Dataset entries
***

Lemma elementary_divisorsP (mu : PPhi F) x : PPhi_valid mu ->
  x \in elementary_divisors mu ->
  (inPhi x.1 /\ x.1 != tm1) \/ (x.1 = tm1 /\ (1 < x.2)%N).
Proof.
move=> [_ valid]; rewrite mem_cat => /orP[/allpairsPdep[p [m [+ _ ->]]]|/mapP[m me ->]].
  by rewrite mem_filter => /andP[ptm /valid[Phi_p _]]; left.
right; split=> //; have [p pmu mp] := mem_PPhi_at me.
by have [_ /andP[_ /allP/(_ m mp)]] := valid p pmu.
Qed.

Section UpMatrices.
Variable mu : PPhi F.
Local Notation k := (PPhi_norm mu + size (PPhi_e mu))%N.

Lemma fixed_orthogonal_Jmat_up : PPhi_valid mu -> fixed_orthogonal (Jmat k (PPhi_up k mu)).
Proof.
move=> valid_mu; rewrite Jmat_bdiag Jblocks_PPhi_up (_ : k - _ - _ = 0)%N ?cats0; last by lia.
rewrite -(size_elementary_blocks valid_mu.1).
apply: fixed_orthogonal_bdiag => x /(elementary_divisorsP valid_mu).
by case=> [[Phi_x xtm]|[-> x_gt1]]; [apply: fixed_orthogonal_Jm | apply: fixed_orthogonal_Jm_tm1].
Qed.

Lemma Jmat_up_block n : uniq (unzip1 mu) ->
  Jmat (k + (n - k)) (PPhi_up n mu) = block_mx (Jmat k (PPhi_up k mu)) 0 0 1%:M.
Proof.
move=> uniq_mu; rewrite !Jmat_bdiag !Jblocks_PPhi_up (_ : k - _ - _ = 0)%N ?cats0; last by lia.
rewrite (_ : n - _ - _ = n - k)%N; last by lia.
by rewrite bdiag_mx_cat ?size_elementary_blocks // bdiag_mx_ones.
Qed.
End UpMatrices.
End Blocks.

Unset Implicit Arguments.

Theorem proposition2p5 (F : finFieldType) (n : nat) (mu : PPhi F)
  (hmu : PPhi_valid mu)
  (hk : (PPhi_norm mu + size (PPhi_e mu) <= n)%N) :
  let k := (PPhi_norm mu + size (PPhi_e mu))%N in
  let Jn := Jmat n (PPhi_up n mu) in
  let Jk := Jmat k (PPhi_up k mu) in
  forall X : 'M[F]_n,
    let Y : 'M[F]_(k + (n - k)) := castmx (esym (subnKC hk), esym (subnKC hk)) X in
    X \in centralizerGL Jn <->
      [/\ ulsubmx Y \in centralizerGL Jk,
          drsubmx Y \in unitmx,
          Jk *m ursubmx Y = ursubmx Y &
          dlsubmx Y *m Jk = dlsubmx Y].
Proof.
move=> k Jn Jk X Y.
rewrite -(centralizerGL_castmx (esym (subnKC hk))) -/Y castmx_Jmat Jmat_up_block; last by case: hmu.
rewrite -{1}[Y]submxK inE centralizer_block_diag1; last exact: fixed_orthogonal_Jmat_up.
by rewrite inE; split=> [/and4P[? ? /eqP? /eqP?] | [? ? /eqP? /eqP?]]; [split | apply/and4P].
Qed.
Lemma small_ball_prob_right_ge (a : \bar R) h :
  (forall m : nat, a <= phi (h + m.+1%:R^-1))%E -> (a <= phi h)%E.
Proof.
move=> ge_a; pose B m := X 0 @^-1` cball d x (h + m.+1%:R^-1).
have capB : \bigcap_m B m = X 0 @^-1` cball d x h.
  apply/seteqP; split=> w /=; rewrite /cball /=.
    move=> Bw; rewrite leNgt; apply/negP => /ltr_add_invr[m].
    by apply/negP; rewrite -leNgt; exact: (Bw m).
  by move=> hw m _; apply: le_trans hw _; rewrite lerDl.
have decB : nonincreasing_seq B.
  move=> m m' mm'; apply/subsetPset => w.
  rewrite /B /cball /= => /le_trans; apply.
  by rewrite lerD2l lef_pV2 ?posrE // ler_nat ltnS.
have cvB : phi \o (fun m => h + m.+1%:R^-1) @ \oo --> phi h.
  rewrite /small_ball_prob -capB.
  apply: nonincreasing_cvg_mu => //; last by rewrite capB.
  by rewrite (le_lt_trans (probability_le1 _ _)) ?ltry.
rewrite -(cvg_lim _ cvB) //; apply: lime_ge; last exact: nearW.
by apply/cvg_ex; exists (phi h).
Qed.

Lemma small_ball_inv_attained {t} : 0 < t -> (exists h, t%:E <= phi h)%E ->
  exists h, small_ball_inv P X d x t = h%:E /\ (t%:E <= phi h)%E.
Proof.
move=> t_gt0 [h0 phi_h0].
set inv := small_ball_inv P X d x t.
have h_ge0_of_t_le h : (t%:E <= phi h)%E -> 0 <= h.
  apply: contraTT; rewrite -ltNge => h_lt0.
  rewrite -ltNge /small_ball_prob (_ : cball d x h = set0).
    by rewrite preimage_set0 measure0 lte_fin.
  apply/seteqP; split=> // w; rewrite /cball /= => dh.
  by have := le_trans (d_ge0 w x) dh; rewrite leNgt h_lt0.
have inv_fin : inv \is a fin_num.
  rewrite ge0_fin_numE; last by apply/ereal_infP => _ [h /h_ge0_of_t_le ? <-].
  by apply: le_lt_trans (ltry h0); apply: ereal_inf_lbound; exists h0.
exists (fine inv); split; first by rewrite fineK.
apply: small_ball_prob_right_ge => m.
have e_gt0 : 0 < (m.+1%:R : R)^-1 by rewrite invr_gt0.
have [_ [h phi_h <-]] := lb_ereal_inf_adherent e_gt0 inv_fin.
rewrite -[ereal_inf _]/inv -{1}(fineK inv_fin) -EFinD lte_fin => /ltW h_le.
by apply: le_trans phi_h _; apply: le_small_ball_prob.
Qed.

***

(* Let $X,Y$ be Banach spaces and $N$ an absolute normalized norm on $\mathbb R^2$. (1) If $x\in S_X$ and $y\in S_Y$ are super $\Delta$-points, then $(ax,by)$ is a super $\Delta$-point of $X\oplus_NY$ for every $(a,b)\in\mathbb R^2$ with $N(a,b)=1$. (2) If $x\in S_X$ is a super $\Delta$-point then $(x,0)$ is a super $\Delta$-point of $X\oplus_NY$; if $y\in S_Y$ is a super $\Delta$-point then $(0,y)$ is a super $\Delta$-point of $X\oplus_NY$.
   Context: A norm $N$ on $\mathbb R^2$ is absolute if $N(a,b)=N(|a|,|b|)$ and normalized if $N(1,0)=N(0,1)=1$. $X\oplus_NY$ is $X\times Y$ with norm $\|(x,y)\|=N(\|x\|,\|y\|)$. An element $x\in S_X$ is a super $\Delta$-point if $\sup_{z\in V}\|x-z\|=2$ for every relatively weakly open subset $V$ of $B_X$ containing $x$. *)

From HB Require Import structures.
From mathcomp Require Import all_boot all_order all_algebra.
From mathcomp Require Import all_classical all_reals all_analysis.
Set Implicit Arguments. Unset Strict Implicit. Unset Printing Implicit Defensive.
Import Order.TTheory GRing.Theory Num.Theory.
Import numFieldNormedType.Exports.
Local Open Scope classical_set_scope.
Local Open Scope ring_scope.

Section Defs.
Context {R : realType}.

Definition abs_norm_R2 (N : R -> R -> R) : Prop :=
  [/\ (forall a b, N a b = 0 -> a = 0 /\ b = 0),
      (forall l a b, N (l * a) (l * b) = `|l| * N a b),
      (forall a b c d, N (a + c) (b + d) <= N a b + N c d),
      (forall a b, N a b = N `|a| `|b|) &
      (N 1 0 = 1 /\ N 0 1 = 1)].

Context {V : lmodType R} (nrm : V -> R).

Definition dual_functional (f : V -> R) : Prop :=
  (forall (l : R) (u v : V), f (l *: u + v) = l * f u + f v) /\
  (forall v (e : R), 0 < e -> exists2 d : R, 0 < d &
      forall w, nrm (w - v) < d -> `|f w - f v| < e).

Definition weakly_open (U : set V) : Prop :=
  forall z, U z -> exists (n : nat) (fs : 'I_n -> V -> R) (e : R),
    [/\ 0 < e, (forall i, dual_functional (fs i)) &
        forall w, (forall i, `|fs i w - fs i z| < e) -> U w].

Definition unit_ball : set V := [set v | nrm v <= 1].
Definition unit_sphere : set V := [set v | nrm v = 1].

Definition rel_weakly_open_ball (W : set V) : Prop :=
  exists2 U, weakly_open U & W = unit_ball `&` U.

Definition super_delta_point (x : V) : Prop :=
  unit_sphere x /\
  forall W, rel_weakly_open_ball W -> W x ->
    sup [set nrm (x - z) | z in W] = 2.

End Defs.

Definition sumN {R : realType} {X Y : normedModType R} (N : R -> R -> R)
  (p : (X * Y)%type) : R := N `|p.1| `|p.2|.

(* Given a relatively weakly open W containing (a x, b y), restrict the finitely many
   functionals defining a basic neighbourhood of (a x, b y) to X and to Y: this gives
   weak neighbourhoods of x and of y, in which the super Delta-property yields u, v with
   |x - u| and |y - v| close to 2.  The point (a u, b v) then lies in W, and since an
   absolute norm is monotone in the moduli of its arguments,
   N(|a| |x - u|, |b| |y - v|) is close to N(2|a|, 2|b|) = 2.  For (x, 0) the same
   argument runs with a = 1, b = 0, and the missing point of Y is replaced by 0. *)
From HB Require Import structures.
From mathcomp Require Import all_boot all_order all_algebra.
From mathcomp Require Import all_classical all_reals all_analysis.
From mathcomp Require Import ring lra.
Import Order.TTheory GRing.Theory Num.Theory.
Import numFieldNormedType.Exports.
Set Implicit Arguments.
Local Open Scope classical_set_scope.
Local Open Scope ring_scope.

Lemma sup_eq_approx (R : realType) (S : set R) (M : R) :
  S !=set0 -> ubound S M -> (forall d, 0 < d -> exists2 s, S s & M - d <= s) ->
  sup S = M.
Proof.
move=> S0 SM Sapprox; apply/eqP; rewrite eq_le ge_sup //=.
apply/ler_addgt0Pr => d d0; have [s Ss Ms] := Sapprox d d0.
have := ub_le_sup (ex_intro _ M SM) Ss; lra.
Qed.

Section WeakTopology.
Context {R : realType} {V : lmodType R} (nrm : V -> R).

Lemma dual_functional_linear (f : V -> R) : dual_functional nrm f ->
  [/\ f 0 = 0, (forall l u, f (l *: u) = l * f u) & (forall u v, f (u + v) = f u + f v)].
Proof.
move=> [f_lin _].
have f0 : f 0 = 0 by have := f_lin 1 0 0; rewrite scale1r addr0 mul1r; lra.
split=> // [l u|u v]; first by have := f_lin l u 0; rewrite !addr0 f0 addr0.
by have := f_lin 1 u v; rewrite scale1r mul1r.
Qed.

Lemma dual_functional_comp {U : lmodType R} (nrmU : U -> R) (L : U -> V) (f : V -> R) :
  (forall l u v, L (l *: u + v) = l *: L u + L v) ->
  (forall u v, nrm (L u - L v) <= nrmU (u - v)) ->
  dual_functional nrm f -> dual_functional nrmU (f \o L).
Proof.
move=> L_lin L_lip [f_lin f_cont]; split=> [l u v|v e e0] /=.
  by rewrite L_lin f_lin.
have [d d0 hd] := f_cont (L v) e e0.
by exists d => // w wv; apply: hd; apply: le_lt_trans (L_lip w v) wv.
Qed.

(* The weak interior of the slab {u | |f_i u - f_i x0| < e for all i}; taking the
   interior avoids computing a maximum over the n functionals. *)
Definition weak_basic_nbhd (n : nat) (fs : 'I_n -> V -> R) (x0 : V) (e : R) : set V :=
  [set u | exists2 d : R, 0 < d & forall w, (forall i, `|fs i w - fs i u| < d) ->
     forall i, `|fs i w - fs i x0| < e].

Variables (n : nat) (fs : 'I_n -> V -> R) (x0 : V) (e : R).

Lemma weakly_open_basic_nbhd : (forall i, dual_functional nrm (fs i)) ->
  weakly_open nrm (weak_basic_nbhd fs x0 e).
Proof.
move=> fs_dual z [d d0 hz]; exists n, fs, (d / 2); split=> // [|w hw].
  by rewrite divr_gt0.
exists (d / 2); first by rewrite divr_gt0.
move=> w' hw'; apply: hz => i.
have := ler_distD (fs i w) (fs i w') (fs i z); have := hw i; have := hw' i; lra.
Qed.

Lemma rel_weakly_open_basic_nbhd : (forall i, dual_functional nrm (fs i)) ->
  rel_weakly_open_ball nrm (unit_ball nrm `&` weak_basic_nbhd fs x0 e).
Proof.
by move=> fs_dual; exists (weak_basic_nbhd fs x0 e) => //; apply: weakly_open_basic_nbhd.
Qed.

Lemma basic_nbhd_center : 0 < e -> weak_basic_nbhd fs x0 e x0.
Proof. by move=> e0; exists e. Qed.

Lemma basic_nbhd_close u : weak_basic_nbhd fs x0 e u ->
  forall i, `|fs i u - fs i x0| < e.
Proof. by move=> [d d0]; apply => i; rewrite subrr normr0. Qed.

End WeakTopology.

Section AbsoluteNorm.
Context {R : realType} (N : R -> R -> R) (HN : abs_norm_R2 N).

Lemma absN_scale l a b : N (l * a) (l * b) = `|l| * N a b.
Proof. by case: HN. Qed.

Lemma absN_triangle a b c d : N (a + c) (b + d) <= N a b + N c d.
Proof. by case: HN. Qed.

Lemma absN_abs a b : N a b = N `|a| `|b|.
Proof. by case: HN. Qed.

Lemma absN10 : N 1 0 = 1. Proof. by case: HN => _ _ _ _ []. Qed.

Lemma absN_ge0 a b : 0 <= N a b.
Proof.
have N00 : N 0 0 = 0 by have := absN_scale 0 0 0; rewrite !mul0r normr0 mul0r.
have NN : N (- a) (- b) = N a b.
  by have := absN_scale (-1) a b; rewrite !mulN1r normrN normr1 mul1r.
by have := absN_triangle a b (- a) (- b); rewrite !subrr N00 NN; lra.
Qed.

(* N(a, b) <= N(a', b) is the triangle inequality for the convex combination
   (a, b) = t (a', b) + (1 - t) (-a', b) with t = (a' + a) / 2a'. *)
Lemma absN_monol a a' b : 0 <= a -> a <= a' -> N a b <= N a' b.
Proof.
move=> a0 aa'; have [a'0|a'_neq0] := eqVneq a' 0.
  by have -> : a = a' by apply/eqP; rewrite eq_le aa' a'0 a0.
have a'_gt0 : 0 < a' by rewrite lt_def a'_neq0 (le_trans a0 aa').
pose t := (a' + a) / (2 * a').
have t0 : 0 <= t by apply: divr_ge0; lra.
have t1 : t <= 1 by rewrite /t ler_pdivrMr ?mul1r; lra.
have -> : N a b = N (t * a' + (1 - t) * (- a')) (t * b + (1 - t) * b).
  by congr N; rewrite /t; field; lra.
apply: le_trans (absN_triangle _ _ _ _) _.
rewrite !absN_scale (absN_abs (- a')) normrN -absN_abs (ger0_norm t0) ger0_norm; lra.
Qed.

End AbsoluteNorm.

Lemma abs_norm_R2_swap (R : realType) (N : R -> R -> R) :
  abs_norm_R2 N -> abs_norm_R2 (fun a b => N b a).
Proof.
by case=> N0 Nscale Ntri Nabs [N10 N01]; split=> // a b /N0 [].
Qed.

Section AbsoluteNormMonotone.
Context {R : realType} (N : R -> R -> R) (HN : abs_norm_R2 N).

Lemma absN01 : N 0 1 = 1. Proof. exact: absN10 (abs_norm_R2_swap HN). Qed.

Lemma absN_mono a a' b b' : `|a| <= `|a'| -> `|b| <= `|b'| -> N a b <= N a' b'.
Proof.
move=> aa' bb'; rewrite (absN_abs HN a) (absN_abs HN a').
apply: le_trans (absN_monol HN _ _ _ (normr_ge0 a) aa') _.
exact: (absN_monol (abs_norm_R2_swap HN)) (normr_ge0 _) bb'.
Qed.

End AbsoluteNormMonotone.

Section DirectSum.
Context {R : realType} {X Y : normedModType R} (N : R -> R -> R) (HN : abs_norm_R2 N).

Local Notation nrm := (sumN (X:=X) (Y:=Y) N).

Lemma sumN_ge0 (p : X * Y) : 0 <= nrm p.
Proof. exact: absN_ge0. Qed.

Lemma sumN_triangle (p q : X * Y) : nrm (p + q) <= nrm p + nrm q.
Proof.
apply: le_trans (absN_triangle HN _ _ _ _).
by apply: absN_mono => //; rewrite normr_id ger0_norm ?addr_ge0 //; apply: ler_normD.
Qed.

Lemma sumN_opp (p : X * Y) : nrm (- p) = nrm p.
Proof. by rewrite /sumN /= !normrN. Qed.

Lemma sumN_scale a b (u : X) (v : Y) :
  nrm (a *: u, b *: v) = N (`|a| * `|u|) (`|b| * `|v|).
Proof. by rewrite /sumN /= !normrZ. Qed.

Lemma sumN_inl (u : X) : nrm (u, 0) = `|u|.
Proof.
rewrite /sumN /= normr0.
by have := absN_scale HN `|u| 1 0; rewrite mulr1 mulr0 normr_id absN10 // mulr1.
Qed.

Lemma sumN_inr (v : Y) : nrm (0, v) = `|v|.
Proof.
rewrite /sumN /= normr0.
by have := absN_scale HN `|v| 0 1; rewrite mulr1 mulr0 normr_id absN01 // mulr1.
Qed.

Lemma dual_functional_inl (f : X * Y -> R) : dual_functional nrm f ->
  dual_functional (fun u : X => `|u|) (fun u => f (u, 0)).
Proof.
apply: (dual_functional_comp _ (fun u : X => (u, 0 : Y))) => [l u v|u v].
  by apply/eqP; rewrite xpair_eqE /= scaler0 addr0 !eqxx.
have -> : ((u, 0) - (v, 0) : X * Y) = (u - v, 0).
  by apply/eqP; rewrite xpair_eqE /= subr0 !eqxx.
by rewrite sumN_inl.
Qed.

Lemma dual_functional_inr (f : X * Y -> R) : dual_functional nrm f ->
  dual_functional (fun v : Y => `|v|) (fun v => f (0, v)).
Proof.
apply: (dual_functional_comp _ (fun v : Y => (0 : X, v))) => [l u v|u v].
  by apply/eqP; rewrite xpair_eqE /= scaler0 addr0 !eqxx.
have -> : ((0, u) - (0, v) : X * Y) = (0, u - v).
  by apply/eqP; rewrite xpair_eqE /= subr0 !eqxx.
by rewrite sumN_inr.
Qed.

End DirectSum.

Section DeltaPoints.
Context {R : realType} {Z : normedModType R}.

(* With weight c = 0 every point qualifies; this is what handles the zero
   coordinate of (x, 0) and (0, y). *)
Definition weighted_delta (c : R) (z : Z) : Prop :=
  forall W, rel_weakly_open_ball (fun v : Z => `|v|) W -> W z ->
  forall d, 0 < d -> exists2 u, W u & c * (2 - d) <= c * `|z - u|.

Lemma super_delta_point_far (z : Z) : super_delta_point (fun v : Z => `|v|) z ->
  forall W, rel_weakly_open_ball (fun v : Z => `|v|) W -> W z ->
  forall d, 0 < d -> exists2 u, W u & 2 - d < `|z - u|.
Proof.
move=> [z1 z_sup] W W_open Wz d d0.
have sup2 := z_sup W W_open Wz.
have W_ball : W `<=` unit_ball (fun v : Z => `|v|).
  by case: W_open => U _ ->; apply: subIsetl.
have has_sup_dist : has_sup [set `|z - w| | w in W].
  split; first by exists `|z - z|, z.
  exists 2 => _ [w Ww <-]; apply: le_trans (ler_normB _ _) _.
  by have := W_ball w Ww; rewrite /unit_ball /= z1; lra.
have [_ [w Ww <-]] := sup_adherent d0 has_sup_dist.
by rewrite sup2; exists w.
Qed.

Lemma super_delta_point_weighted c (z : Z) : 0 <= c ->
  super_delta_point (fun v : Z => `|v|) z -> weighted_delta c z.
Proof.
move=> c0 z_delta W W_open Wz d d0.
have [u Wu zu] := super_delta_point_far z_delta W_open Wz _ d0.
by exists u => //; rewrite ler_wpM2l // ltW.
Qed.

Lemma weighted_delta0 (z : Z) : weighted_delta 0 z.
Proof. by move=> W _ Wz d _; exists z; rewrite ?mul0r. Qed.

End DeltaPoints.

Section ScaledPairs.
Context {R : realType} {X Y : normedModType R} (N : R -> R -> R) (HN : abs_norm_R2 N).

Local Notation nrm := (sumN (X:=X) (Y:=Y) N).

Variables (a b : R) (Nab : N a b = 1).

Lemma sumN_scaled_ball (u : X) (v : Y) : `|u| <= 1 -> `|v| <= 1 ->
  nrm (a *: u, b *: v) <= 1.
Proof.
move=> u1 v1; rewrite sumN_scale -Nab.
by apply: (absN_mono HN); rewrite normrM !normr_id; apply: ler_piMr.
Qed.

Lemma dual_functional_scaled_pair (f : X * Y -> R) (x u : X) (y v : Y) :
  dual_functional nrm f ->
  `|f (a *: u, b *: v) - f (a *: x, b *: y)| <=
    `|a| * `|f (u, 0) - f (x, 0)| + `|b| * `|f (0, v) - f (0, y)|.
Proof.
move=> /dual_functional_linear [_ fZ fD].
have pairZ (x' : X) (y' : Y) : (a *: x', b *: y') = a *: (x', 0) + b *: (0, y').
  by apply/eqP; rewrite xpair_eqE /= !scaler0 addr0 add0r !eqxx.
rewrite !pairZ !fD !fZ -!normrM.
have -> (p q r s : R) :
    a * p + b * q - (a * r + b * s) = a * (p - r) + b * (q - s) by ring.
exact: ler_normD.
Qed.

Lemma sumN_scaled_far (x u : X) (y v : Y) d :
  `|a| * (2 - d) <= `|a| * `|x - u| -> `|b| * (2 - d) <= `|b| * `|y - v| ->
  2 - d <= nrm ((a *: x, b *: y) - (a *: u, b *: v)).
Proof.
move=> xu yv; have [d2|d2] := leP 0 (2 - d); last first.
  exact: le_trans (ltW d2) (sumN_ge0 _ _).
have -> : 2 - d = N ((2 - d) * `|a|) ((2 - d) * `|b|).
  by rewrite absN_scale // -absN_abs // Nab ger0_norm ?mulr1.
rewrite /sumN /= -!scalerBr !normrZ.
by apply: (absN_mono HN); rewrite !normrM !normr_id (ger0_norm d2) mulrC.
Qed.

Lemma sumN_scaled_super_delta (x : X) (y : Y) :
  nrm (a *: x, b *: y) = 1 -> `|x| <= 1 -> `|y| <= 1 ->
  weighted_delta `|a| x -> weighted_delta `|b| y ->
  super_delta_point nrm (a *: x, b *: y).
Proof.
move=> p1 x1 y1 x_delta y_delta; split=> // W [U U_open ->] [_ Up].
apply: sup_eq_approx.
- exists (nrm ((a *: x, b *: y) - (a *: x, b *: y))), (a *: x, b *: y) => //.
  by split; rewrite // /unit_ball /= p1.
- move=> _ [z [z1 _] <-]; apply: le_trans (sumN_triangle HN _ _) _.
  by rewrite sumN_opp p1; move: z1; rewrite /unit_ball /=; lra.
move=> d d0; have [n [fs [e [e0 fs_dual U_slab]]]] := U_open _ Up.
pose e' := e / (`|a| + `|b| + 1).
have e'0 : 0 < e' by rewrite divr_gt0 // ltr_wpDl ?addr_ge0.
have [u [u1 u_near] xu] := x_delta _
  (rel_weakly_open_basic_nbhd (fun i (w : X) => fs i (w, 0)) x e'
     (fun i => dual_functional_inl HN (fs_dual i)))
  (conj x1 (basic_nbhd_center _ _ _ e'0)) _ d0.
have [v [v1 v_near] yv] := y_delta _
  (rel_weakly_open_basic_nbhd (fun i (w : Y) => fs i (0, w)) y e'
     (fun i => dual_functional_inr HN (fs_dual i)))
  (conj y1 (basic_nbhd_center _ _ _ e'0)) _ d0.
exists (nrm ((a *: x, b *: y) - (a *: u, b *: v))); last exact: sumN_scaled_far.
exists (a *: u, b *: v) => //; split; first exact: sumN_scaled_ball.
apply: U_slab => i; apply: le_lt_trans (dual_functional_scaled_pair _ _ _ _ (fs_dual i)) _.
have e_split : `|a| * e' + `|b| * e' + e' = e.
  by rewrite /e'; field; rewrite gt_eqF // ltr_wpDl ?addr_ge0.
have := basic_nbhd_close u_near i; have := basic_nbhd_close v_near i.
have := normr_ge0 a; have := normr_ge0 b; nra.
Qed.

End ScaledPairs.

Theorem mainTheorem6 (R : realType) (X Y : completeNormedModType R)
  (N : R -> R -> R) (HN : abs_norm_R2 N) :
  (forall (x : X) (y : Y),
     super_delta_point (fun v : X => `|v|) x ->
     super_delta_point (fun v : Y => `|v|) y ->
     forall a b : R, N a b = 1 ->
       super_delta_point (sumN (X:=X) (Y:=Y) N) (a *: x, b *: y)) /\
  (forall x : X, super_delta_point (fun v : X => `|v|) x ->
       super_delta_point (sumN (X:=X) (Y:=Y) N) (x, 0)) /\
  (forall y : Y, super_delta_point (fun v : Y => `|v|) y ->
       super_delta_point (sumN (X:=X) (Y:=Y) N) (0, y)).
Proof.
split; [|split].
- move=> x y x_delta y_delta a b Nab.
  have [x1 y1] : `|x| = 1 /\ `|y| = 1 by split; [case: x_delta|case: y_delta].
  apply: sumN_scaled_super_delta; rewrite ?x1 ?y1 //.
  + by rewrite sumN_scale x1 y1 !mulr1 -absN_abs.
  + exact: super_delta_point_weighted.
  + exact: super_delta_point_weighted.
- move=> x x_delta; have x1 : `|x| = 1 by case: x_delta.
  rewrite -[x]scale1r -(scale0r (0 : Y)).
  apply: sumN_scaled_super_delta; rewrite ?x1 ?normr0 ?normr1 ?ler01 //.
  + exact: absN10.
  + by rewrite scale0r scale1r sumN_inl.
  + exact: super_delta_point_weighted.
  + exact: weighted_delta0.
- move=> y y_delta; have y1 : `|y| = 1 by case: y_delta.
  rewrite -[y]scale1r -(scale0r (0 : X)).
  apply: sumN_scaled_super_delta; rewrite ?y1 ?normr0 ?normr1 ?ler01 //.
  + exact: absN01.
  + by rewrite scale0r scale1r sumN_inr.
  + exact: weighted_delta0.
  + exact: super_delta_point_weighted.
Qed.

***

◆ PROBLEM DETAILS ◆
Each line in the data that holds the string "nrmU" needs to be copied.

◆ REPLY TO THE EXERCISE ◆
Lemma dual_functional_comp {U : lmodType R} (nrmU : U -> R) (L : U -> V) (f : V -> R) :
  (forall u v, nrm (L u - L v) <= nrmU (u - v)) ->
  dual_functional nrm f -> dual_functional nrmU (f \o L).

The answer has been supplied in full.